# Easton FMJ vs. Carbon Express PileDriver



## 2413gary (Apr 10, 2008)

Nothing wrong with FMJ's best arrow I have ever shot. I shoot the 340 at 30" and 58lbs. 70# might be pushing them.


----------



## kansashogwild (Jan 23, 2011)

I thought if anything they might be to stiff, therefore unforgiving and maybe this could be the reason I've not been able to shoot the tight groups with FMJs that I was able to shoot with PileDrivers. I'm using 125 grain tips so I have room to go down in weight and, in effect, stiffen the spine.


----------



## Pierre Couture (Oct 28, 2004)

kansashogwild said:


> I thought if anything they might be to stiff, therefore unforgiving and maybe this could be the reason I've not been able to shoot the tight groups with FMJs that I was able to shoot with PileDrivers.
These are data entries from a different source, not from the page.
(* In $\mathbb{Z}[q,q^{-1}][[x,y]]$, \[ A(q,x,y)=\sum_{i=1}^{\infty}q^i[i]!\,x^iy^i\prod_{j=0}^{i}\frac{1}{q^j-q^j[j+1]x+[j]xy}. \]
   Context: $[m]=1+q+\dots+q^{m-1}$ ($[0]=0$), $[i]!=\prod_{m=1}^i[m]$. For $0\le k\le n$, a $\hbox{Le}$-diagram in a $k\times(n-k)$ rectangle is a pair $(\lambda,D)$ with $\lambda=(\lambda_1\ge\dots\ge\lambda_k\ge0)$, $\lambda_1\le n-k$, and $D$ a filling of the Young diagram of $\lambda$ (row $i$ has $\lambda_i$ left-justified boxes, row 1 on top) by $0$'s and $1$'s such that no $0$ has a $1$ above it in its column and a $1$ to its left in its row; its rank is its number of $1$'s. $A_{k,n}(q)=\sum q^{\mathrm{rank}}$ over such diagrams (the generating function of cells of the totally nonnegative Grassmannian $Gr^+_{k,n}$ by dimension), $A_{k,n}(q)=0$ for $n<k$, and $A(q,x,y)=\sum_{k\ge1}\sum_{n\ge0}A_{k,n}(q)x^ny^k$. Each factor $1/(q^j-q^j[j+1]x+[j]xy)$ is its inverse in $\mathbb{Z}[q,q^{-1}][[x,y]]$ (equivalently the expansion of $\frac{1}{q^j(1-[j+1]x)\left(1-\frac{q^{-j}[j]y}{1-[j+1]x}\right)}$). *)

From mathcomp Require Import all_boot all_order all_algebra.
Set Implicit Arguments. Unset Strict Implicit. Unset Printing Implicit Defensive.
Import GRing.Theory.
Local Open Scope ring_scope.

Section Defs.
Variable R : comUnitRingType.

Definition qint (q : R) (m : nat) : R := \sum_(i < m) q ^+ i.
Definition qfact (q : R) (i : nat) : R := \prod_(1 <= m < i.+1) qint q m.

(* A Le-diagram in a k x m rectangle (m = n - k): a shape lambda given by the
   row lengths lam i (row 0 = top row), and a 0/1 filling D of the boxes
   (D (i,j) = true means the box (i,j) contains a 1). Boxes outside lambda
   carry no entry; we force D to be false there. *)
Definition LeType (k m : nat) :=
  ({ffun 'I_k -> 'I_m.+1} * {ffun 'I_k * 'I_m -> bool})%type.

Definition isLe (k m : nat) (p : LeType k m) : bool :=
  let lam := p.1 in let D := p.2 in
  [&& [forall i : 'I_k, forall i' : 'I_k, (i <= i')%N ==> (lam i' <= lam i)%N],
      [forall c : 'I_k * 'I_m, D c ==> (c.2 < lam c.1)%N] &
      [forall c : 'I_k * 'I_m,
         ((c.2 < lam c.1)%N && ~~ D c) ==>
         ~~ ([exists i' : 'I_k, (i' < c.1)%N && D (i', c.2)] &&
             [exists j' : 'I_m, (j' < c.2)%N && D (c.1, j')])]].

Definition LeRank (k m : nat) (p : LeType k m) : nat :=
  #|[pred c : 'I_k * 'I_m | p.2 c]|.

Definition Akn (q : R) (k n : nat) : R :=
  if (k <= n)%N then \sum_(p : LeType k (n - k) | isLe p) q ^+ LeRank p
  else 0.

(* Formal power series in x, y over R: s n k = coefficient of x^n y^k. *)
Definition ser := nat -> nat -> R.

Definition serone : ser := fun n k => if (n == 0)%N && (k == 0)%N then 1 else 0.

Definition sermul (s t : ser) : ser := fun n k =>
  \sum_(a < n.+1) \sum_(b < k.+1) s a b * t (n - a)%N (k - b)%N.

Definition serscale (c : R) (s : ser) : ser := fun n k => c * s n k.

Definition serxy (i : nat) (s : ser) : ser := fun n k =>
  if (i <= n)%N && (i <= k)%N then s (n - i)%N (k - i)%N else 0.

Fixpoint serprod (g : nat -> ser) (i : nat) : ser :=
  match i with
  | 0 => g 0%N
  | i'.+1 => sermul (serprod g i') (g i)
  end.

Definition factor (q : R) (j : nat) : ser := fun n k =>
  if (n == 0)%N && (k == 0)%N then q ^+ j
  else if (n == 1)%N && (k == 0)%N then - (q ^+ j * qint q j.+1)
  else if (n == 1)%N && (k == 1)%N then qint q j
  else 0.

Definition Aser (q : R) : ser := fun n k => if (1 <= k)%N then Akn q k n else 0.

Definition rhsterm (q : R) (g : nat -> ser) (i : nat) : ser :=
  serxy i (serscale (q ^+ i * qfact q i) (serprod g i)).

(* the infinite sum over i >= 1: the coefficient of x^n y^k only receives
   contributions from i <= n (summands with i > n vanish there identically) *)
Definition rhs (q : R) (g : nat -> ser) : ser := fun n k =>
  \sum_(1 <= i < n.+1) rhsterm q g i n k.

End Defs.

(* Let f_j = q^j - q^j [j+1] x + [j] x y, with inverse g_j, and
     psi_m = sum_i q^(m+i) [m+1] ... [m+i] x^i y^i g_m g_(m+1) ... g_(m+i),
   so that the right-hand side is psi_0 - g_0 and f_m psi_m = q^m + [m+1] x y psi_(m+1).
   Read coefficientwise, the latter identity is a recursion which, q being a unit,
   determines every coefficient of every psi_m by induction on the x-degree.

   Weight a Le-diagram whose rows have length at most N by q^rank [m+1]^u, where u counts
   the columns j < N in which no row has a 0 with a 1 to its left, and let S_m(k, N) be the
   total weight of such diagrams with k rows.  A new top row may put 1s only into these u
   columns; summing over its fillings in closed form shows that (m, n, k) |-> S_m(k, n - k)
   obeys the same recursion.  Since [1] = 1, S_0(k, n - k) = A_{k,n} for k >= 1, and
   S_0(0, n) = 1 = [x^n y^0] g_0. *)

From mathcomp Require Import all_boot all_order all_algebra.
From mathcomp Require Import ring zify.
From Stdlib Require Import FunctionalExtensionality.
Set Implicit Arguments. Unset Strict Implicit. Unset Printing Implicit Defensive.
Import GRing.Theory.
Local Open Scope ring_scope.

Section QInt.
Variables (R : comUnitRingType) (q : R).

Lemma qint0 : qint q 0 = 0.
Proof. by rewrite /qint big_ord0. Qed.

Lemma qintS m : qint q m.+1 = qint q m + q ^+ m.
Proof. by rewrite /qint big_ord_recr. Qed.

Lemma qint1 : qint q 1 = 1.
Proof. by rewrite qintS qint0 add0r expr0. Qed.

Lemma qintSl m : qint q m.+1 = 1 + q * qint q m.
Proof.
rewrite /qint big_ord_recl expr0 mulr_sumr; congr (_ + _).
by apply: eq_bigr => i _; rewrite lift0 exprS.
Qed.

End QInt.

(** * Formal power series in x and y *)

Lemma sum_nat_shift (V : nmodType) (F : nat -> V) a n :
  \sum_(0 <= c < n.+1) (if (a <= c)%N then F c else 0) =
  if (a <= n)%N then \sum_(0 <= c < (n - a).+1) F (c + a)%N else 0.
Proof.
case: leqP => an; last first.
  by rewrite big1_seq // => c /andP[_]; rewrite mem_index_iota => ?; rewrite ifF //; lia.
rewrite (@big_cat_nat _ _ _ a) //=; last by lia.
rewrite big1_seq ?add0r; last first.
  by move=> c /andP[_]; rewrite mem_index_iota => ?; rewrite ifF //; lia.
rewrite -{1}(add0n a) big_addn -subSn //; apply: eq_big_nat => c _.
by rewrite leq_addl.
Qed.

Section SeriesShift.
Variable R : comUnitRingType.
Implicit Types (s t : ser R) (a b c d n k : nat).

Definition sershift a b s : ser R := fun n k =>
  if (a <= n)%N && (b <= k)%N then s (n - a)%N (k - b)%N else 0.

Lemma serxyE i s : serxy i s = sershift i i s.
Proof. by []. Qed.

Lemma sershiftx s n k :
  sershift 1 0 s n k = if n is n'.+1 then s n' k else 0.
Proof. by rewrite /sershift subn0; case: n => [|n] //; rewrite subn1. Qed.

Lemma sershiftxy s n k :
  sershift 1 1 s n k = if n is n'.+1 then (if k is k'.+1 then s n' k' else 0) else 0.
Proof. by rewrite /sershift; case: n => [|n] //; case: k => [|k] //; rewrite !subn1. Qed.

Lemma sershift_sershift a b c d s :
  sershift a b (sershift c d s) = sershift (a + c) (b + d) s.
Proof.
apply: functional_extensionality => n; apply: functional_extensionality => k.
rewrite /sershift; case: (boolP ((a <= n) && (b <= k))%N) => [/andP[an bk]|nab].
  by rewrite !leq_subRL // !subnDA.
by rewrite ifF //; apply: contraNF nab => /andP[? ?]; apply/andP; split; lia.
Qed.

Lemma sermulE s t n k : sermul s t n k =
  \sum_(0 <= a < n.+1) \sum_(0 <= b < k.+1) s a b * t (n - a)%N (k - b)%N.
Proof. by rewrite /sermul big_mkord; apply: eq_bigr => a _; rewrite big_mkord. Qed.

Lemma sermul_sershift a b s t :
  sermul (sershift a b s) t = sershift a b (sermul s t).
Proof.
apply: functional_extensionality => n; apply: functional_extensionality => k.
rewrite !sermulE /sershift.
transitivity (\sum_(0 <= c < n.+1) if (a <= c)%N then
    \sum_(0 <= d < k.+1)
      (if (b <= d)%N then s (c - a)%N (d - b)%N * t (n - c)%N (k - d)%N else 0)
  else 0).
  apply: eq_bigr => c _; case: (a <= c)%N; last by rewrite big1 // => d _; rewrite mul0r.
  by apply: eq_bigr => d _; case: (b <= d)%N; rewrite ?mul0r.
rewrite sum_nat_shift; case: (a <= n)%N => //=.
under eq_bigr => c _ do rewrite sum_nat_shift.
case: (b <= k)%N => /=; last by rewrite big1.
rewrite sermulE; apply: eq_bigr => c _; apply: eq_bigr => d _.
by rewrite !addnK !(addnC _ a) !(addnC _ b) !subnDA.
Qed.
I'm using 125 grain tips so I have room to go down in weight and, in effect, stiffen the spine.


The .300 spine would probably be a better choice in this case, unless you reduce the weight of the tips.


----------



## kansashogwild (Jan 23, 2011)

I'll have to try the lighter points. I'm a bit surprised that the pro shop recommended these particular spines for this bow. Of course, they're all release shooters. I'm one of 2 at the range that shoot a compound with fingers. I do remember reading the Easton chart though so it's possible that the mistake was my own. Thanks for all the input.


----------



## Pierre Couture (Oct 28, 2004)

kansashogwild said:


> I'll have to try the lighter points. I'm a bit surprised that the pro shop recommended these particular spines for this bow. Of course, they're all release shooters. I'm one of 2 at the range that shoot a compound with fingers. I do remember reading the Easton chart though so it's possible that the mistake was my own. Thanks for all the input.
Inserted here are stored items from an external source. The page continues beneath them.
Definition real_root (a b : Z) (r : root) : Prop :=
  exists (w : list bool) (i : bool), r = weyl_act a b w (simple_root i).

(* Kac's fundamental set K: nonzero elements of Q_+ with connected support
   on which all <., a_i^v> are <= 0. Support {1,2} is connected iff a_12 = -a <> 0. *)
Definition fund_set (a b : Z) (r : root) : Prop :=
  0 <= fst r /\ 0 <= snd r /\ r <> (0, 0) /\
  (0 < fst r -> 0 < snd r -> - a <> 0) /\
  pair1 a r <= 0 /\ pair2 b r <= 0.

(* positive imaginary roots: Delta^im_+ = W . K  (Kac, Thm 5.4) *)
Definition pos_imag_root (a b : Z) (r : root) : Prop :=
  exists (w : list bool) (k : root), fund_set a b k /\ r = weyl_act a b w k.

Definition imag_root (a b : Z) (r : root) : Prop :=
  pos_imag_root a b r \/ pos_imag_root a b (- fst r, - snd r).

Definition is_root (a b : Z) (r : root) : Prop := real_root a b r \/ imag_root a b r.

Definition pos_real_root (a b : Z) (r : root) : Prop :=
  real_root a b r /\ 0 <= fst r /\ 0 <= snd r.

Definition rsub (r s : root) : root := (fst r - fst s, snd r - snd s).

Definition pi_system (a b : Z) (S : root -> Prop) : Prop :=
  (forall r, S r -> real_root a b r) /\
  (forall x y, S x -> S y -> ~ is_root a b (rsub x y)).

(* the sequences c_j, d_j: cd k = ((c_k, d_k), (c_{k+1}, d_{k+1})) *)
Fixpoint cd (a b : Z) (k : nat) : (Z * Z) * (Z * Z) :=
  match k with
  | O => ((0, 0), (1, 1))
  | S k' => let '((c0, d0), (c1, d1)) := cd a b k' in
            ((c1, d1), (a * d1 - c0, b * c1 - d0))
  end.

Definition cseq (a b : Z) (k : nat) : Z := fst (fst (cd a b k)).
Definition dseq (a b : Z) (k : nat) : Z := snd (fst (cd a b k)).

Definition beta1 (a b : Z) (j : nat) : root := (cseq a b j, dseq a b (S j)).
Definition beta2 (a b : Z) (j : nat) : root := (cseq a b (S j), dseq a b j).

Definition pair_set (x y : root) : root -> Prop := fun r => r = x \/ r = y.

Definition lin_indep2 (x y : root) : Prop :=
  forall p q : Z, p * fst x + q * fst y = 0 -> p * snd x + q * snd y = 0 -> p = 0 /\ q = 0.

From Stdlib Require Import ZArith List Lia.
Import ListNotations.
Open Scope Z_scope.

(* The form (x|y) with (a1|a1) = 2b, (a2|a2) = 2a, (a1|a2) = -ab is invariant under the
   Weyl group.  Real roots have norm 2a or 2b, imaginary roots have norm <= 0, and
   conversely every nonzero vector of the root lattice with norm <= 0 is an imaginary root
   (Kac's descent to the fundamental set).  The positive real roots are the beta_i^j, and
   the simple reflections permute the +-beta's, shifting the index by one.

   Two roots of the same family differ by a vector of norm <= 0 (apart from two real
   roots when b = 1), so a pi-system contains at most one root of each family.  For the
   mixed differences, Weyl invariance reduces (beta_1^j|beta_2^k) to a pairing with a
   simple root: it is -a (d_{n+2} - d_n) or -b (c_{n+2} - c_n) with n = j + k.  These gaps
   satisfy the recurrence of (c, d) and, as ab >= 4, grow along each parity class; hence
   beta_1^j - beta_2^k has norm > 2a and is not a root, except for b = 1, (j, k) = (1, 0),
   where it is a2.  Finally (beta_1^j|beta_2^k) < 0 while both norms are positive, which
   forces linear independence. *)

Definition form (a b : Z) (r s : root) : Z :=
  2 * b * fst r * fst s - a * b * (fst r * snd s + snd r * fst s) + 2 * a * snd r * snd s.

Definition norm (a b : Z) (r : root) : Z := form a b r r.

Definition neg (r : root) : root := (- fst r, - snd r).

Section InvariantForm.
Variables a b : Z.

Lemma form_refl1 r s : form a b (refl1 a r) (refl1 a s) = form a b r s.
Proof. unfold form, refl1, pair1; cbn [fst snd]; ring. Qed.

Lemma form_refl2 r s : form a b (refl2 b r) (refl2 b s) = form a b r s.
Proof. unfold form, refl2, pair2; cbn [fst snd]; ring. Qed.

Lemma weyl_act_cons i w r :
  weyl_act a b (i :: w) r = if i then refl1 a (weyl_act a b w r) else refl2 b (weyl_act a b w r).
Proof. reflexivity. Qed.

Lemma norm_weyl_act w r : norm a b (weyl_act a b w r) = norm a b r.
Proof.
  unfold norm; induction w as [|[] w IH]; rewrite ?weyl_act_cons, ?form_refl1, ?form_refl2; auto.
Qed.

Lemma norm_neg r : norm a b (neg r) = norm a b r.
Proof. unfold norm, form, neg; cbn [fst snd]; ring. Qed.

Lemma norm_rsub r s : norm a b (rsub r s) = norm a b r + norm a b s - 2 * form a b r s.
Proof. unfold norm, form, rsub; cbn [fst snd]; ring. Qed.

Lemma norm_rsub_comm r s : norm a b (rsub s r) = norm a b (rsub r s).
Proof. unfold norm, form, rsub; cbn [fst snd]; ring. Qed.

Lemma rsub_diag r : rsub r r = (0, 0).
Proof. unfold rsub; f_equal; ring. Qed.

Lemma refl1_involutive r : refl1 a (refl1 a r) = r.
Proof. destruct r; unfold refl1, pair1; cbn [fst snd]; f_equal; ring. Qed.

Lemma refl2_involutive r : refl2 b (refl2 b r) = r.
Proof. destruct r; unfold refl2, pair2; cbn [fst snd]; f_equal; ring. Qed.

Lemma refl1_neg r : refl1 a (neg r) = neg (refl1 a r).
Proof. unfold refl1, pair1, neg; cbn [fst snd]; f_equal; ring. Qed.

Lemma refl2_neg r : refl2 b (neg r) = neg (refl2 b r).
Proof. unfold refl2, pair2, neg; cbn [fst snd]; f_equal; ring. Qed.

Lemma neg_involutive r : neg (neg r) = r.
Proof. destruct r; unfold neg; cbn [fst snd]; f_equal; ring. Qed.

Lemma refl1_rsub r s : refl1 a (rsub r s) = rsub (refl1 a r) (refl1 a s).
Proof. unfold refl1, pair1, rsub; cbn [fst snd]; f_equal; ring. Qed.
There is another thread about the Martin Shadowcat. Bowbender has realized that heavier arrows seem to fly much better for broadheads, along with setting the bow up to the exact ATA specs. http://www.archerytalk.com/vb/showthread.php?t=1441390&page=3&p=1068262792#post1068262792


----------



## zestycj7 (Sep 24, 2010)

A buddy of mine shoots the same arrow, he shoots a Shadowcat with fingers set @ 54 pounds, 30" arrow with 100 grain point and they fly like bullets.
I also shoot a Shadowcat with fingers set @ 57 pounds, 400 spine shafts cut @27" and 100 grain points and they fly like darts.
I guess it's all in the bow, shooter, release.
Don.


----------



## Pierre Couture (Oct 28, 2004)

zestycj7 said:


> A buddy of mine shoots the same arrow, he shoots a Shadowcat with fingers set @ 54 pounds, 30" arrow with 100 grain point and they fly like bullets.
> I also shoot a Shadowcat with fingers set @ 57 pounds, 400 spine shafts cut @27" and 100 grain points and they fly like darts.
> I guess it's all in the bow, shooter, release.
> Don.



I would say that there are no two similar releases when it comes to fingers... I shoot 600 grain 2317s at 31" and 63 lbs from an old (1993) dual cam bow at 220 fps, with same point of impact for broadheads. Anything weaker does not fly well unless I reduce the draw weight.


----------



## 2413gary (Apr 10, 2008)

typicaly for me I will use Easton's shaft selector and it is very close


----------